Críticas à gestão do processo
Particularmente crítico desta reforma administrativa tem sido o PCP. O presidente da junta de Carnide sublinha que se mantém a oposição do partido “à forma como foi gerido este processo”. “Não somos contra a descentralização, bem pelo contrário. A nossa freguesia era a que tinha mais, até nos chamavam campeões da descentralização, mas a anterior era negociada, esta foi imposta”, sublinha Fábio Sousa.
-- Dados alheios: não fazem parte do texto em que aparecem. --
Lemma ex_simple_below K S :
  stable g K -> stable g S -> (K <= S)%MS -> (\rank K < \rank S)%N ->
  exists2 B, (K <= B)%MS & simple_sq g B S.
Proof.
move=> sK sS KS ltKS.
pose P B := [/\ stable g B, (K <= B)%MS, (B <= S)%MS & (\rank B < \rank S)%N].
have PK : P K by split.
have [B [sB KB BS ltBS] max_B] :=
  ex_maximal (m := fun B => \rank B) (fun B _ => rank_leq_col B) PK.
exists B => //; apply: simple_sq_no_between => // V sV BV VS.
apply/andP=> -[ltBV ltVS].
by have := max_B V (And4 sV (submx_trans KB BV) VS ltVS); rewrite leqNgt ltBV.
Qed.

Lemma semisimple_simple_quotient B X W0 U0 :
  stable g X -> semisimple_sq g B X -> simple_sq g W0 U0 ->
  (B <= W0)%MS -> (U0 <= X)%MS ->
  exists C, [/\ (B <= C)%MS, simple_sq g C X & iso_sq g C X W0 U0].
Proof.
move=> sX ssBX simWU BW0 U0X; have [[sW0 sU0 W0U0] _ _] := simWU.
have [V [sV BV VX /andP[_ sumV] /andP[capV _]]] :=
  ssBX U0 sU0 (submx_trans BW0 W0U0) U0X.
have incl : incl_iso W0 U0 (W0 + V)%MS X.
  split=> //; first exact: addsmxSl.
    rewrite capmxC -matrix_modl // addsmx_sub submx_refl /=.
    by rewrite capmxC (submx_trans capV BW0).
  by apply: submx_trans sumV _; rewrite addsmxS ?addsmxSr.
have subCX : Defs.subq g (W0 + V)%MS X.
  by split; [exact: stable_addsmx | | rewrite addsmx_sub VX (submx_trans W0U0 U0X)].
exists (W0 + V)%MS; split.
- exact: submx_trans BV (addsmxSr _ _).
- exact: simple_sq_incl subCX incl simWU.
- exact: incl_iso_sq_inv (And3 sW0 sU0 W0U0) subCX incl.
Qed.

Lemma semisimple_simple_sub B X W0 U0 :
  stable g B -> semisimple_sq g B X -> simple_sq g W0 U0 ->
  (B <= W0)%MS -> (U0 <= X)%MS ->
  exists T, [/\ (T <= U0)%MS, simple_sq g B T & iso_sq g B T W0 U0].
Proof.
move=> sB ssBX simWU BW0 U0X; have [[sW0 sU0 W0U0] _ _] := simWU.
have [V [sV BV _ /andP[_ sumV] /andP[capV _]]] :=
  ssBX W0 sW0 BW0 (submx_trans W0U0 U0X).
have incl : incl_iso B (V :&: U0)%MS W0 U0.
  split=> //; first exact: capmxSr.
    apply: submx_trans capV.
    by rewrite sub_capmx capmxSr (submx_trans (capmxSl _ _) (capmxSl _ _)).
  have : (U0 <= (W0 + V) :&: U0)%MS by rewrite sub_capmx submx_refl (submx_trans U0X sumV).
  by rewrite -matrix_modl // addsmxC.
have subBT : Defs.subq g B (V :&: U0)%MS.
  by split; [| exact: stable_capmx | rewrite sub_capmx BV (submx_trans BW0 W0U0)].
exists (V :&: U0)%MS; split.
- exact: capmxSr.
- exact: simple_sq_incl_inv subBT incl simWU.
- exact: incl_iso_sq incl.
Qed.

Definition splits W X U : Prop :=
  exists Y, [/\ Defs.subq g W Y, (Y <= U)%MS, (X + Y == U)%MS & (X :&: Y == W)%MS].

Section Radical.
Variables X R C : 'M[F]_n.
Hypotheses (radXR : is_rad g X R) (simCR : simple_sq g C R).

Definition partial_compl Y :=
  [/\ stable g Y, (C <= Y)%MS, (Y <= X)%MS & (Y :&: R <= C)%MS].

Lemma partial_compl_proper Y : partial_compl Y -> ~~ (X <= Y + R)%MS.
Proof.
move=> [sY CY YX YRC]; apply/negP => XYR.
have [[_ sX RX] _ minR] := radXR; have [[_ _ CR] ltCR _] := simCR.
have simYX : simple_sq g Y X.
  apply: simple_sq_incl simCR => //.
  by split=> //; [rewrite capmxC | rewrite addsmxC].
have RY := minR Y sY YX (simple_semisimple simYX).
move: ltCR; rewrite ltn_mxrankE // => /negP; apply; apply: submx_trans YRC.
by rewrite sub_capmx RY submx_refl.
Qed.

Lemma partial_compl_grow Y :
  partial_compl Y -> (forall A, simple_sq g R A -> (A <= X)%MS -> splits C R A) ->
  exists2 Y', partial_compl Y' & (\rank Y < \rank Y')%N.
Proof.
move=> PY all_split; have [sY CY YX YRC] := PY.
have [[sR _ RX] ssRX _] := radXR.
have YRX : (Y + R <= X)%MS by rewrite addsmx_sub YX RX.
have [Z [sZ RZ ZX /andP[_ sumZ] /andP[capZ _]]] :=
  ssRX _ (stable_addsmx sY sR) (addsmxSr _ _) YRX.
have ltRZ : (\rank R < \rank Z)%N.
  rewrite ltn_mxrankE //; apply: contra (partial_compl_proper PY) => ZR.
  apply: submx_trans sumZ _.
  by rewrite addsmx_sub submx_refl (submx_trans ZR (addsmxSr _ _)).
have [A AZ simA] := ex_simple_above sR sZ RZ ltRZ; have [[_ _ RA] ltRA _] := simA.
have [Y1 [[_ sY1 CY1] Y1A /andP[_ sumY1] /andP[capY1 _]]] :=
  all_split A simA (submx_trans AZ ZX).
have Y1YR : (Y1 :&: (Y + R) <= C)%MS.
  apply: submx_trans capY1; rewrite sub_capmx capmxSl andbT.
  by apply: submx_trans capZ; rewrite capmxC capmxS // (submx_trans Y1A AZ).
exists (Y + Y1)%MS; first split.
- exact: stable_addsmx.
- exact: submx_trans CY (addsmxSl _ _).
- by rewrite addsmx_sub YX (submx_trans Y1A (submx_trans AZ ZX)).
- apply: submx_trans YRC; rewrite sub_capmx capmxSr andbT.
  apply: submx_trans (capmxS (submx_refl _) (addsmxSr Y R)) _.
  by rewrite -matrix_modl ?addsmxSl // addsmx_sub submx_refl (submx_trans Y1YR CY).
rewrite ltn_mxrankE ?addsmxSl //; apply: contraL ltRA => Y1Y.
rewrite ltn_mxrankE // negbK; apply: submx_trans capZ; rewrite sub_capmx AZ andbT.
apply: submx_trans sumY1 _; rewrite addsmx_sub addsmxSr.
by rewrite (submx_trans (submx_trans (addsmxSr Y Y1) Y1Y) (addsmxSl _ _)).
Qed.
Lemma energy_coercive xi : \sum_i orbit_pt xi 0 i ^+ 2 / 2 - C <= energy xi.
Proof.
have term_lb j : orbit_pt xi 0 j ^+ 2 / 2 - 2 * s j ^+ 2 / v 0 j ^+ 2 <=
    orbit_pt xi 0 j ^+ 2 - 2 * s j * lam j xi.
  have sq_orbit : orbit_pt xi 0 j ^+ 2 = v 0 j ^+ 2 * expR (lam j xi) ^+ 2.
    by rewrite mxE; ring.
  rewrite sq_orbit; apply: exp_sq_coercive; rewrite ?sqr_ge0 //.
  by move/eqP; rewrite sqrf_eq0 => /eqP; exact: s_supp.
by apply: le_trans (ler_sum _ (fun j _ => term_lb j)); rewrite sumrB.
Qed.

Lemma energy_gap_continuous eta : continuous (energy_gap ^~ eta).
Proof.
apply: continuous_big => [[x y] | i _ y] /=; first exact: add_continuous.
pose g z := z ^+ 2 * (expR (lam i eta) ^+ 2 - 1) - 2 * s i * lam i eta.
apply: (@continuous_comp _ _ _ (fun y : 'rV[R]_n => y 0 i) g); first exact: coord_continuous.
by apply: cvgB; [apply: cvgM; [apply: cvgM|]|]; exact: cvg_id || exact: cvg_cst.
Qed.

Lemma energy_gap_stationary y :
  (forall eta, 0 <= energy_gap y eta) ->
  forall eta, \sum_i y 0 i ^+ 2 * lam i eta = \sum_i s i * lam i eta.
Proof.
move=> gap_ge0 eta.
have gap_line t : energy_gap y (t *: eta) =
    \sum_i y 0 i ^+ 2 * expR (t * (2 * lam i eta)) -
    t * (2 * \sum_i s i * lam i eta) - \sum_i y 0 i ^+ 2.
  rewrite /energy_gap !mulr_sumr -!sumrB; apply: eq_bigr => i _.
  have -> : t * (2 * lam i eta) = 2%:R * (t * lam i eta) by ring.
  by rewrite lamZ expRM_natl; ring.
have key : \sum_i y 0 i ^+ 2 * (2 * lam i eta) = 2 * \sum_i s i * lam i eta.
  by apply: exp_sum_stationary => t; rewrite -subr_ge0 -gap_line.
apply: (@mulfI _ 2); first by rewrite pnatr_eq0.
by rewrite -key mulr_sumr; apply: eq_bigr => i _; rewrite mulrCA.
Qed.

Lemma energy_minimizing_seq :
  exists2 xs : nat -> E, forall k xi, energy (xs k) <= energy xi + k.+1%:R^-1 &
    exists B, forall k i, `|orbit_pt (xs k) 0 i| <= B.
Proof.
have sq_half_ge0 xi i : 0 <= orbit_pt xi 0 i ^+ 2 / 2 by rewrite divr_ge0 ?sqr_ge0.
have [xs xs_min] : exists xs : nat -> E,
    forall k xi, energy (xs k) <= energy xi + k.+1%:R^-1.
  apply: (lbounded_minimizing_seq 0); exists (- C) => xi.
  by apply: le_trans (energy_coercive xi); rewrite -[leLHS]add0r lerD2r sumr_ge0.
exists xs => //; exists (2 * (energy 0 + 1 + C) + 1) => k i.
have : orbit_pt (xs k) 0 i ^+ 2 / 2 <= energy 0 + 1 + C.
  apply: le_trans (_ : energy (xs k) + C <= _).
    rewrite -lerBlDr; apply: le_trans (energy_coercive _); rewrite lerD2r.
    by rewrite (bigD1 i) //= lerDl sumr_ge0.
  rewrite lerD2r; apply: le_trans (xs_min k 0) _; rewrite lerD2l.
  by rewrite invf_le1 ?ler1n ?ltr0n.
rewrite -[orbit_pt _ _ _ ^+ 2]real_normK ?num_real //.
by have := normr_ge0 (orbit_pt (xs k) 0 i); nra.
Qed.

Lemma cluster_energy_gap_ge0 (xs : nat -> E) c :
  (forall k xi, energy (xs k) <= energy xi + k.+1%:R^-1) ->
  cluster ((orbit_pt \o xs) @ \oo) c -> forall eta, 0 <= energy_gap c eta.
Proof.
move=> xs_min; rewrite clusterE => c_cluster eta.
apply/ler_addgt0Pr => e e_gt0; rewrite -lerBlDr sub0r.
have gap_closed : closed [set y | - e <= energy_gap y eta].
  apply: (@preimage_closed _ _ (energy_gap ^~ eta) [set x | - e <= x]).
    by move=> y _; exact: energy_gap_continuous.
  exact: closed_ge.
suff : closure [set y | - e <= energy_gap y eta] c by move/closure_id: gap_closed => <-.
apply: c_cluster.
have gap_eventually : \forall k \near \oo, - e <= energy_gap (orbit_pt (xs k)) eta.
  near=> k.
  have := xs_min k (xs k + eta); rewrite energyD.
  have : k.+1%:R^-1 < e by near: k; exact: (near_infty_natSinv_lt (PosNum e_gt0)).
  move: (k.+1%:R^-1 : R) => r; lra.
exact: gap_eventually.
Unshelve. all: by end_near.
Qed.

(* [energy] need not attain its infimum (e.g. if [s i = 0 < v 0 i ^+ 2]), hence
   the cluster point of a minimizing sequence of orbit points. *)
Lemma orbit_closure_moment (K : set 'rV[R]_n) :
  closed K -> (forall xi, K (orbit_pt xi)) ->
  exists2 c, K c & forall eta, \sum_i c 0 i ^+ 2 * lam i eta = \sum_i s i * lam i eta.
Proof.
move=> closedK orbitK; have [xs xs_min [B orbit_bounded]] := energy_minimizing_seq.
pose box := [set y : 'rV[R]_n | forall i, `[- B, B]%classic (y 0 i)].
have box_K_compact : compact (box `&` K).
  apply: compact_closedI closedK.
  by apply: (@rV_compact _ _ (fun=> `[- B, B]%classic)) => i; exact: segment_compact.
have [c [[_ Kc] c_cluster]] :
    (box `&` K) `&` cluster ((orbit_pt \o xs) @ \oo) !=set0.
  apply: box_K_compact.
  have eventually_in : \forall k \near \oo, (box `&` K) (orbit_pt (xs k)).
    apply: nearW => k; split; last exact: orbitK.
    by move=> i; rewrite /= in_itv /= -ler_norml.
  exact: eventually_in.
exists c => //; apply: energy_gap_stationary.
exact: cluster_energy_gap_ge0 c_cluster.
Qed.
Também o Sindicato dos Trabalhadores do Município de Lisboa tem vindo a denunciar os problemas nascidos desta reforma administrativa, incluindo a “pulverização” do trabalho precário e a carência de pessoal com que a maioria das juntas continua a debater-se. Vítor Reis, presidente do sindicato, considera que salvo algumas excepções não se pode falar numa melhoria do serviço prestado às populações e diz que nalgumas áreas, como a higiene urbana, continua a haver “um certo jogo do empurra” entre câmara e juntas.

André Caldas, de Alvalade, reconhece que “vai sempre haver desinteligências interadministrativas” entre os diferentes órgãos autárquicos e “zonas de fronteira”, mas defende que tudo isso pode ser ultrapassado com “diálogo” entre as partes. “Mantenho-me um entusiasta desta reforma e estou sinceramente convencido de que quando todos os aspectos estiverem devidamente alinhados vai demonstrar-se todo o seu potencial”, conclui o autarca socialista, que chama às dificuldades deste primeiro ano “dores de crescimento”.

Também Luís Newton, da Estrela, diz que este processo “corre dentro do que era expectável para uma reforma desta dimensão” e sublinha que há, “de parte a parte, vontade e disponibilidade para continuar a melhorar”. O que não quer dizer, sublinha, que não haja aspectos que precisam de ser “afinados”.    

“Esta reforma foi um passo positivo para a cidade, para dada uma das suas 24 freguesias”, avalia por sua vez José Moreno, do Parque das Nações. Ainda assim, o autarca não esconde que no seu território há ainda problemas por resolver, por exemplo ao nível das instalações da junta e da insuficiência de pessoal em áreas como a do licenciamento.

Pela câmara, Duarte Cordeiro faz uma apreciação “muito positiva” deste processo, lembrando que “uma reforma desta magnitude tem o seu tempo”, tanto para as juntas como para a própria câmara, que tem que “adaptar-se à sua nova realidade”. Desde a assinatura em Março de 2014 dos autos de transferência, sintetiza o autarca, transitaram do município para as juntas 1270 trabalhadores, mais de 700 equipamentos e 350 hectares de espaços verdes.